In [62]:
import sys
import os
import urllib.request
import tarfile
import zipfile

In [63]:
def _print_download_progress(count, block_size, total_size):
    """
    Function used for printing the download progress.
    Used as a call-back function in maybe_download_and_extract().
    """

    # Percentage completion.
    pct_complete = float(count * block_size) / total_size

    # Status-message.
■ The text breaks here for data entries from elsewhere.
(* Let $G=(V,E)$ be a finite simple graph with maximum degree $\Delta$, let $w\in(0,1)$ and $M\subseteq E$. Then for all $A\in\mathcal W=\mathcal C_0\cup\mathcal C_2$ and all edges $e=\{u,v\}\in E$ with $A\oplus e\in\mathcal W$, \[ \Psi(A)\,\lambda(A)\,P(A,A\oplus e)\;\ge\;\frac{w^{|(A\oplus M)\cup e|}}{2\Delta}\;\ge\;\frac{w^{|(A\cup e)\oplus M|}}{2\Delta w^{-1}} . \]
   Context: Subgraphs of $G$ are identified with edge subsets $A\subseteq E$; $\oplus$ denotes symmetric difference, $(A\oplus M)\cup e$ means $(A\oplus M)\cup\{e\}$, $d(u)$ is the degree of $u$ in $G$, and $\partial A$ is the set of vertices of odd degree in $(V,A)$. $\mathcal C_k=\{A\subseteq E:|\partial A|=k\}$. $\lambda(A)=w^{|A\oplus M|}$. $\Psi(A)=|V|$ if $A\in\mathcal C_0$ and $\Psi(A)=2$ if $A\in\mathcal C_2$. $P$ is the transition matrix of the lazy worm process: for $A\in\mathcal W$ and $e=uv\in E$ with $A\oplus e\in\mathcal W$, (i) if $A\in\mathcal C_0$: $P(A,A\oplus e)=w^{\mathbf 1[e\notin A\oplus M]}\frac{1}{2|V|}\bigl(\frac1{d(u)}+\frac1{d(v)}\bigr)$; (ii) if $A\in\mathcal C_2$ and $A\oplus e\in\mathcal C_0$: $P(A,A\oplus e)=w^{\mathbf 1[e\notin A\oplus M]}\frac14\bigl(\frac1{d(u)}+\frac1{d(v)}\bigr)$; (iii) if $A\in\mathcal C_2$, $A\oplus e\in\mathcal C_2$ and $u\in\partial A$: $P(A,A\oplus e)=\min\!\bigl(\frac{d(u)}{d(v)}w^{\mathbf 1[e\notin A\oplus M]-\mathbf 1[e\in A\oplus M]},1\bigr)\frac{1}{4d(u)}$. *)

From HB Require Import structures.
From mathcomp Require Import all_boot all_order all_algebra.
Set Implicit Arguments. Unset Strict Implicit. Unset Printing Implicit Defensive.
Import Order.TTheory GRing.Theory Num.Theory.
Local Open Scope ring_scope.

(* An edge {u,v} is the
   2-element set [set u; v]; subgraphs are sets of edges. *)

Definition edges (T : finType) (adj : rel T) : {set {set T}} :=
  [set [set p.1; p.2] | p in [set p : T * T | adj p.1 p.2]].

Definition deg (T : finType) (adj : rel T) (u : T) : nat :=
  #|[set v | adj u v]|.

Definition maxdeg (T : finType) (adj : rel T) : nat :=
  (\max_(u : T) deg adj u)%N.

Definition symdiff (T : finType) (A B : {set T}) : {set T} :=
  (A :\: B) :|: (B :\: A).

Definition boundary (T : finType) (A : {set {set T}}) : {set T} :=
  [set x | odd #|[set f in A | x \in f]|].

Definition inC (T : finType) (k : nat) (A : {set {set T}}) : bool :=
  #|boundary A| == k.

Definition inW (T : finType) (A : {set {set T}}) : bool :=
  inC 0 A || inC 2 A.

Definition Psi (R : numDomainType) (T : finType) (A : {set {set T}}) : R :=
  if inC 0 A then #|T|%:R else 2.

Definition lam (R : numDomainType) (T : finType) (w : R)
  (M A : {set {set T}}) : R := w ^+ #|symdiff A M|.

Definition Pworm (R : numFieldType) (T : finType) (adj : rel T) (w : R)
  (M A : {set {set T}}) (u v : T) : R :=
  let f := [set u; v] in
  let AM := symdiff A M in
  let du : R := (deg adj u)%:R in
  let dv : R := (deg adj v)%:R in
  let wexp : R := w ^+ (f \notin AM) in
  if inC 0 A then
    wexp * (2 * #|T|%:R)^-1 * (du^-1 + dv^-1)
  else if inC 0 (symdiff A [set f]) then
    wexp * 4^-1 * (du^-1 + dv^-1)
  else if u \in boundary A then
    Num.min (du / dv * (w ^+ (f \notin AM) / w ^+ (f \in AM))) 1 * (4 * du)^-1
  else
    Num.min (dv / du * (w ^+ (f \notin AM) / w ^+ (f \in AM))) 1 * (4 * dv)^-1.

(* Write W := w^|A (+) M| and b := [e \notin A (+) M], so that the middle term is
   W w^b / (2 Delta).  As lambda(A) = W, it suffices that Psi(A) P(A, A (+) e) >= w^b / (2 Delta),
   and this holds in each of the four branches defining P, using only 1 <= d(u), d(v) <= Delta
   and 0 < w <= 1.
   For the right inequality, adding e to A changes A (+) M only at e, so
   |(A (+) M) u e| <= |(A u e) (+) M| + 1. *)

From HB Require Import structures.
From mathcomp Require Import all_boot all_order all_algebra.
From mathcomp Require Import ring lra.
Set Implicit Arguments. Unset Strict Implicit. Unset Printing Implicit Defensive.
Import Order.TTheory GRing.Theory Num.Theory.
Local Open Scope ring_scope.

Section TransitionBounds.

Variables (R : realFieldType) (w D d1 d2 : R).
Hypotheses (w_gt0 : 0 < w) (w_le1 : w <= 1).
Hypotheses (d1_gt0 : 0 < d1) (d1_leD : d1 <= D) (d2_gt0 : 0 < d2) (d2_leD : d2 <= D).

Lemma invr_double_le (d : R) : 0 < d -> d <= D -> (2 * D)^-1 <= (2 * d)^-1.
Proof. by move=> d_gt0 d_leD; rewrite lef_pV2 ?posrE; lra. Qed.

Lemma invr_double_le_mean : (2 * D)^-1 <= (d1^-1 + d2^-1) / 2.
Proof.
have := invr_double_le d1_gt0 d1_leD; rewrite invfM mulrC.
have : 0 <= d2^-1 by rewrite invr_ge0 ltW.
lra.
Qed.

Lemma symmetric_step_ge (n : R) (b : bool) : 0 < n ->
  w ^+ b / (2 * D) <= n * (w ^+ b * (2 * n)^-1 * (d1^-1 + d2^-1)).
Proof.
move=> n_gt0.
have -> : n * (w ^+ b * (2 * n)^-1 * (d1^-1 + d2^-1))
          = w ^+ b * ((d1^-1 + d2^-1) / 2) by field; rewrite !gt_eqF.
by rewrite ler_pM2l ?exprn_gt0 ?invr_double_le_mean.
Qed.

Lemma metropolis_step_ge (b : bool) :
  w ^+ b / (2 * D) <= 2 * (Num.min (d1 / d2 * (w ^+ b / w ^+ (~~ b))) 1 * (4 * d1)^-1).
Proof.
have wb_gt0 : 0 < w ^+ b by rewrite exprn_gt0.
have wnb_gt0 : 0 < w ^+ (~~ b) by rewrite exprn_gt0.
have invD_ge0 : 0 <= (2 * D)^-1.
  by rewrite invr_ge0 mulr_ge0 // ltW // (lt_le_trans d1_gt0).
have [_|_] := leP (d1 / d2 * (w ^+ b / w ^+ (~~ b))) 1.
- have -> : 2 * (d1 / d2 * (w ^+ b / w ^+ (~~ b)) * (4 * d1)^-1)
            = w ^+ b / w ^+ (~~ b) * (2 * d2)^-1 by field; rewrite !gt_eqF.
  apply: ler_pM => //; first exact: ltW.
  + by rewrite ler_pdivlMr // ger_pMr // exprn_ile1 // ltW.
  + exact: invr_double_le.
- have -> : 2 * (1 * (4 * d1)^-1) = (2 * d1)^-1 by field; rewrite gt_eqF.
  rewrite -[leRHS]mul1r; apply: ler_pM => //; first exact: ltW.
  + by rewrite exprn_ile1 // ltW.
  + exact: invr_double_le.
Qed.

End TransitionBounds.

Lemma deg_gt0 (T : finType) (adj : rel T) (u v : T) : adj u v -> (0 < deg adj u)%N.
Proof. by move=> uv; apply/card_gt0P; exists v; rewrite inE. Qed.

Lemma deg_le_maxdeg (T : finType) (adj : rel T) (u : T) : (deg adj u <= maxdeg adj)%N.
Proof. exact: leq_bigmax. Qed.

Lemma card_symdiffU1 (T : finType) (A M : {set T}) (x : T) :
  (#|symdiff A M :|: [set x]| <= #|symdiff (A :|: [set x]) M|.+1)%N.
Proof.
have sub : symdiff A M :|: [set x] \subset x |: symdiff (A :|: [set x]) M.
  apply/subsetP => y; rewrite /symdiff !inE.
  by case: (y \in A); case: (y \in M); case: (y == x).
apply: leq_trans (subset_leq_card sub) _.
by rewrite cardsU1 -addn1 addnC leq_add2l leq_b1.
Qed.

Lemma Psi_Pworm_ge (R : realFieldType) (T : finType) (adj : rel T)
    (w : R) (M A : {set {set T}}) (u v : T) :
  symmetric adj -> 0 < w -> w <= 1 -> adj u v ->
  w ^+ ([set u; v] \notin symdiff A M) / (2 * (maxdeg adj)%:R)
    <= Psi R A * Pworm adj w M A u v.
Proof.
move=> adj_sym w_gt0 w_le1 uv.
have vu : adj v u by rewrite adj_sym.
have du_gt0 : 0 < (deg adj u)%:R :> R by rewrite ltr0n (deg_gt0 uv).
have dv_gt0 : 0 < (deg adj v)%:R :> R by rewrite ltr0n (deg_gt0 vu).
have du_le : (deg adj u)%:R <= (maxdeg adj)%:R :> R by rewrite ler_nat deg_le_maxdeg.
have dv_le : (deg adj v)%:R <= (maxdeg adj)%:R :> R by rewrite ler_nat deg_le_maxdeg.
have V_gt0 : 0 < #|T|%:R :> R by rewrite ltr0n; apply/card_gt0P; exists u.
rewrite /Psi /Pworm; set b := _ \notin _; rewrite -[[set u; v] \in _]negbK -/b.
case: ifP => _; first exact: symmetric_step_ge.
case: ifP => _.
  by rewrite (_ : 4 = 2 * 2); [exact: symmetric_step_ge | rewrite -natrM].
by case: ifP => _; apply: metropolis_step_ge.
Qed.

Theorem lemma1 (R : realFieldType) (T : finType) (adj : rel T)
  (adj_sym : symmetric adj) (adj_irr : irreflexive adj)
  (w : R) (w_gt0 : 0 < w) (w_lt1 : w < 1)
  (M : {set {set T}}) (M_sub : M \subset edges adj)
  (A : {set {set T}}) (A_sub : A \subset edges adj) (A_W : inW A)
  (u v : T) (uv : adj u v) (Ae_W : inW (symdiff A [set [set u; v]])) :
  w ^+ #|symdiff A M :|: [set [set u; v]]| / (2 * (maxdeg adj)%:R)
    <= Psi R A * lam w M A * Pworm adj w M A u v
  /\
  w ^+ #|symdiff (A :|: [set [set u; v]]) M| / (2 * (maxdeg adj)%:R * w^-1)
    <= w ^+ #|symdiff A M :|: [set [set u; v]]| / (2 * (maxdeg adj)%:R).
Proof.
have w_le1 : w <= 1 by rewrite ltW.
have D_gt0 : 0 < (maxdeg adj)%:R :> R
  by rewrite ltr0n (leq_trans (deg_gt0 uv) (deg_le_maxdeg _ _)).
split.
  rewrite setUC cardsU1 exprD /lam mulrAC [in leRHS]mulrAC ler_pM2r ?exprn_gt0 //.
  exact: Psi_Pworm_ge.
rewrite invfM invrK mulrCA -exprSr mulrC ler_pM2r ?invr_gt0 ?mulr_gt0 //.
apply: (ler_wiXn2l (ltW w_gt0) w_le1); exact: card_symdiffU1.
Qed.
Note the \r which means the line should overwrite itself.
    msg = "\r- Download progress: {0:.1%}".format(pct_complete)

    # Print it.
    sys.stdout.write(msg)
    sys.stdout.flush()

In [64]:
def maybe_download_and_extract(url, download_dir):
    """
    Download and extract the data if it doesn't already exist.
    Assumes the url is a tar-ball file.
    :param url:
        Internet URL for the tar-file to download.
        Example: "https://www.cs.toronto.edu/~kriz/cifar-10-python.tar.gz"
    :param download_dir:
        Directory where the downloaded file is saved.
        Example: "data/CIFAR-10/"
    :return:
        Nothing.
    """

    # Filename for saving the file downloaded from the internet.
    # Use the filename from the URL and add it to the download_dir.
    filename = url.split('/')[-1]
    file_path = os.path.join(download_dir, filename)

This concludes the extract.